2. Difference in hydrostatic pressure forces water out of the capillaries, forming tissue fluid.
- water potential is higher outside which would cause water to move back into the capillaries but pressure difference is greater.
How does tissue fluid return to the circulatory system?
- As water left and plasma proteins remained, the hydrostatic pressure and water potential in the capillaries at the venule end is much lower.
- Water re-enters the capillaries via osmosis down the water potential gradient.
- Excess tissue fluid is drained by the lymphatic system.
What is the equation for cardiac output?
cardiac output = stroke volume x heart rate
What are the most common risk factors for cardiovascular disease?

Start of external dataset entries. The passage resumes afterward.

(* [repl n a b]: [b] is [a] with [n] occurrences of [t] replaced by [t']. *)
Inductive repl : nat -> term -> term -> Prop :=
| repl_redex : repl 1 t t'
| repl_var k : repl 0 (Var k) (Var k)
| repl_lam n a b : repl n a b -> repl n (Lam a) (Lam b)
| repl_app n m a b a' b' : repl n a b -> repl m a' b' -> repl (n + m) (App a a') (App b b')
| repl_shift n a b : repl n a b -> repl n (Shift a) (Shift b)
| repl_reset n a b : repl n a b -> repl n (Reset a) (Reset b).

Inductive replF : ectx -> ectx -> Prop :=
| replF_hole : replF EHole EHole
| replF_appR n b b' F F' : repl n b b' -> replF F F' -> replF (EAppR b F) (EAppR b' F')
| replF_appL n F F' u u' : replF F F' -> repl n u u' -> replF (EAppL F u) (EAppL F' u')
| replF_reset F F' : replF F F' -> replF (EReset F) (EReset F').

Lemma repl_refl a : repl 0 a a.
Proof. induction a; try constructor; auto. exact (repl_app 0 0 _ _ _ _ IHa1 IHa2). Qed.

Lemma repl_cplug C : exists n, repl n (cplug C t) (cplug C t').
Proof.
  induction C as [| C [n H] | u C [n H] | C [n H] u | C [n H] | C [n H]]; simpl.
  - exists 1; constructor.
  - exists n; constructor; auto.
  - exists (0 + n); constructor; auto using repl_refl.
  - exists (n + 0); constructor; auto using repl_refl.
  - exists n; constructor; auto.
  - exists n; constructor; auto.
Qed.

Lemma repl_lift n a b : repl n a b -> forall c, repl n (lift c a) (lift c b).
Proof.
  induction 1; intros c; simpl; try (constructor; auto; fail).
  - rewrite (lift_closed_at t 0), (lift_closed_at t' 0); auto with arith. constructor.
  - destruct (k <? c); constructor.
Qed.

Lemma repl_subst n a b : repl n a b -> forall k m u u', repl m u u' ->
  exists j, repl j (subst k u a) (subst k u' b).
Proof.
  induction 1 as [| x | n a b _ IH | n m a b a' b' _ IH1 _ IH2 | n a b _ IH | n a b _ IH];
    intros kk m0 u u' Hu; simpl.
  - rewrite (subst_closed_at t 0), (subst_closed_at t' 0); auto with arith.
    exists 1; constructor.
  - destruct (x <? kk); [exists 0; constructor |].
    destruct (x =? kk); [eauto | exists 0; constructor].
  - destruct (IH (S kk) m0 (lift 0 u) (lift 0 u')) as [j Hj]; auto using repl_lift.
    exists j; constructor; auto.
  - destruct (IH1 kk m0 u u' Hu) as [j1 H1], (IH2 kk m0 u u' Hu) as [j2 H2].
    exists (j1 + j2); constructor; auto.
  - destruct (IH (S kk) m0 (lift 0 u) (lift 0 u')) as [j Hj]; auto using repl_lift.
    exists j; constructor; auto.
  - destruct (IH kk m0 u u' Hu) as [j Hj]. exists j; constructor; auto.
Qed.

Lemma replF_eplug F F' : replF F F' ->
  forall n a b, repl n a b -> exists j, repl j (eplug F a) (eplug F' b).
Proof.
  induction 1 as [| n c c' F F' Hc _ IH | n F F' u u' _ IH Hu | F F' _ IH];
    intros k a b Hab; simpl; try destruct (IH k a b Hab) as [j Hj]; eauto.
  - exists (n + j). constructor; auto. constructor; auto.
  - exists (j + n). constructor; auto.
  - exists j. constructor; auto.
Qed.

Lemma replF_elift F F' : replF F F' -> forall c, replF (elift c F) (elift c F').
Proof. induction 1; intros c; simpl; econstructor; eauto using repl_lift. Qed.

Lemma repl_cont E E' : replF E E' -> exists j, repl j (cont E) (cont E').
Proof.
  intros H. unfold cont.
  destruct (replF_eplug _ _ (replF_elift E E' H 0) 0 (Var 0) (Var 0) (repl_var 0))
    as [j Hj].
  exists j. do 2 constructor. exact Hj.
Qed.

Lemma redex_not_value : ~ is_value t.
Proof. intros Hv. exact (value_no_step t t' Hv t_step). Qed.

Lemma redex_not_pure_shift E s : pure E -> t <> eplug E (Shift s).
Proof. intros HE Ht. apply (pure_shift_no_step E s t' HE). rewrite <- Ht. exact t_step. Qed.

Lemma repl_Lam_inv n a y : repl n (Lam a) y -> exists b, y = Lam b /\ repl n a b.
Proof.
  intros H; inversion H; subst.
  - exfalso; apply redex_not_value; eexists; eauto.
  - eauto.
Qed.

Lemma repl_value n x y : repl n x y -> is_value x -> is_value y.
Proof. intros H [a ->]. destruct (repl_Lam_inv n a y H) as [b [-> _]]. eexists; eauto. Qed.

Lemma repl_pure_shift E s n y : pure E -> repl n (eplug E (Shift s)) y ->
  exists E' s' k, pure E' /\ y = eplug E' (Shift s') /\ replF E E' /\ repl k s s'.
Proof.
  revert s n y; induction E as [| c E IHE | E IHE u | E IHE]; intros s n y HE Hs;
    [| | | destruct HE]; inversion Hs as [| | | n1 n2 a1 b1 a2 b2 H1 H2 | n1 a1 b1 H1 |]; subst;
    try match goal with Ht : t = _ |- _ => exfalso; exact (redex_not_pure_shift _ s HE Ht) end.
  - exists EHole, b1, n; simpl; repeat split; auto. constructor.
  - destruct (repl_Lam_inv _ _ _ H1) as [c' [-> Hc]].
    destruct (IHE s n2 b2 HE H2) as [E' [s' [k [HE' [-> [HF Hss]]]]]].
    exists (EAppR c' E'), s', k; simpl; repeat split; auto. econstructor; eauto.
  - destruct (IHE s n1 b1 HE H1) as [E' [s' [k [HE' [-> [HF Hss]]]]]].
    exists (EAppL E' b2), s', k; simpl; repeat split; auto. econstructor; eauto.
Qed.

Lemma repl_step n x y : repl n x y -> forall x', step x x' ->
  (exists m, m < n /\ repl m x' y) \/ (exists y' m, step y y' /\ repl m x' y').
Proof.
  induction 1 as [| k | n a b _ _ | n m a b a' b' Hab IH1 Ha'b' IH2 | n a b _ _
                  | n a b Hab IH]; intros x' Hx'.
  - left. exists 0; split; [lia |]. rewrite <- (step_det _ _ _ t_step Hx'). apply repl_refl.
  - exfalso; eapply Var_no_step; eauto.
  - exfalso; eapply Lam_no_step; eauto.
  - destruct (step_App_inv _ _ _ Hx')
      as [[a1 [Ha ->]] | [[ba [a1 [-> [Ha ->]]]] | [ba [-> [Hv ->]]]]].
    + destruct (IH1 _ Ha) as [[k [Hk Hs]] | [b1 [k [Hb Hs]]]].
      * left; exists (k + m); split; [lia | constructor; auto].
      * right; exists (App b1 b'), (k + m); split.
        -- exact (step_eplug (EAppL EHole b') _ _ Hb).
        -- constructor; auto.
    + destruct (IH2 _ Ha) as [[k [Hk Hs]] | [b1 [k [Hb Hs]]]].
      * left; exists (n + k); split; [lia | constructor; auto].
      * right; exists (App b b1), (n + k); split.
        -- destruct (repl_Lam_inv _ _ _ Hab) as [c [-> _]].
           exact (step_eplug (EAppR c EHole) _ _ Hb).
        -- constructor; auto.
    + destruct (repl_Lam_inv _ _ _ Hab) as [c [-> Hc]].
      destruct (repl_subst _ _ _ Hc 0 m a' b' Ha'b') as [j Hj].
      right; exists (inst c b'), j; split; auto.
      exact (step_beta EHole c b' (repl_value _ _ _ Ha'b' Hv)).
  - exfalso; eapply Shift_no_step; eauto.
  - destruct (step_Reset_inv _ _ Hx') as [[a1 [Ha ->]] | [[E [s [HE [-> ->]]]] | [Hv ->]]].
    + destruct (IH _ Ha) as [[k [Hk Hs]] | [b1 [k [Hb Hs]]]].
      * left; exists k; split; [lia | constructor; auto].
      * right; exists (Reset b1), k; split.
        -- exact (step_eplug (EReset EHole) _ _ Hb).
        -- constructor; auto.
    + destruct (repl_pure_shift E s n b HE Hab) as [E' [s' [k [HE' [-> [Hc Hss]]]]]].
      destruct (repl_cont _ _ Hc) as [j Hj].
      destruct (repl_subst _ _ _ Hss 0 _ _ _ Hj) as [i Hi].
      right; exists (Reset (inst s' (cont E'))), i; split.
      * exact (step_shift EHole E' s' HE').
      * constructor; auto.
    + right; exists b, n; split; auto.
      exact (step_reset EHole b (repl_value _ _ _ Hab Hv)).
Qed.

High blood cholesterol and poor diet.
Cigarette smoking.
High blood pressure.
Why is high blood cholesterol and a poor diet a risk factor for cardiovascular disease?
Cholesterol forms atheromas which can lead to increased blood pressure and clots.
Could block flow of blood to coronary arteries which could cause a myocardial infarction.
Why is cigarette smoking a risk factor for cardiovascular disease?
Nicotine increases risk of high blood pressure.
CO combines with haemoglobin which reduces the amount of oxygen going to the heart which can lead to a heart attack.
Why is high blood pressure a risk factor for cardiovascular disease?
High blood pressure increases the risk of damage to artery walls, increasing the risk of atheroma formation.
Blood clots can form, blocking flow of blood which can lead to a myocardial infarction.
What is xylem?
The tissue that transports water in the stem and leaves of plants.
What is the cohesion-tension theory of water transport in the xylem?
- Water evaporates from the leaves (transpiration).
- This creates tension which pulls more water up.
- Cohesion between water molecules means a column of water moves up the xylem.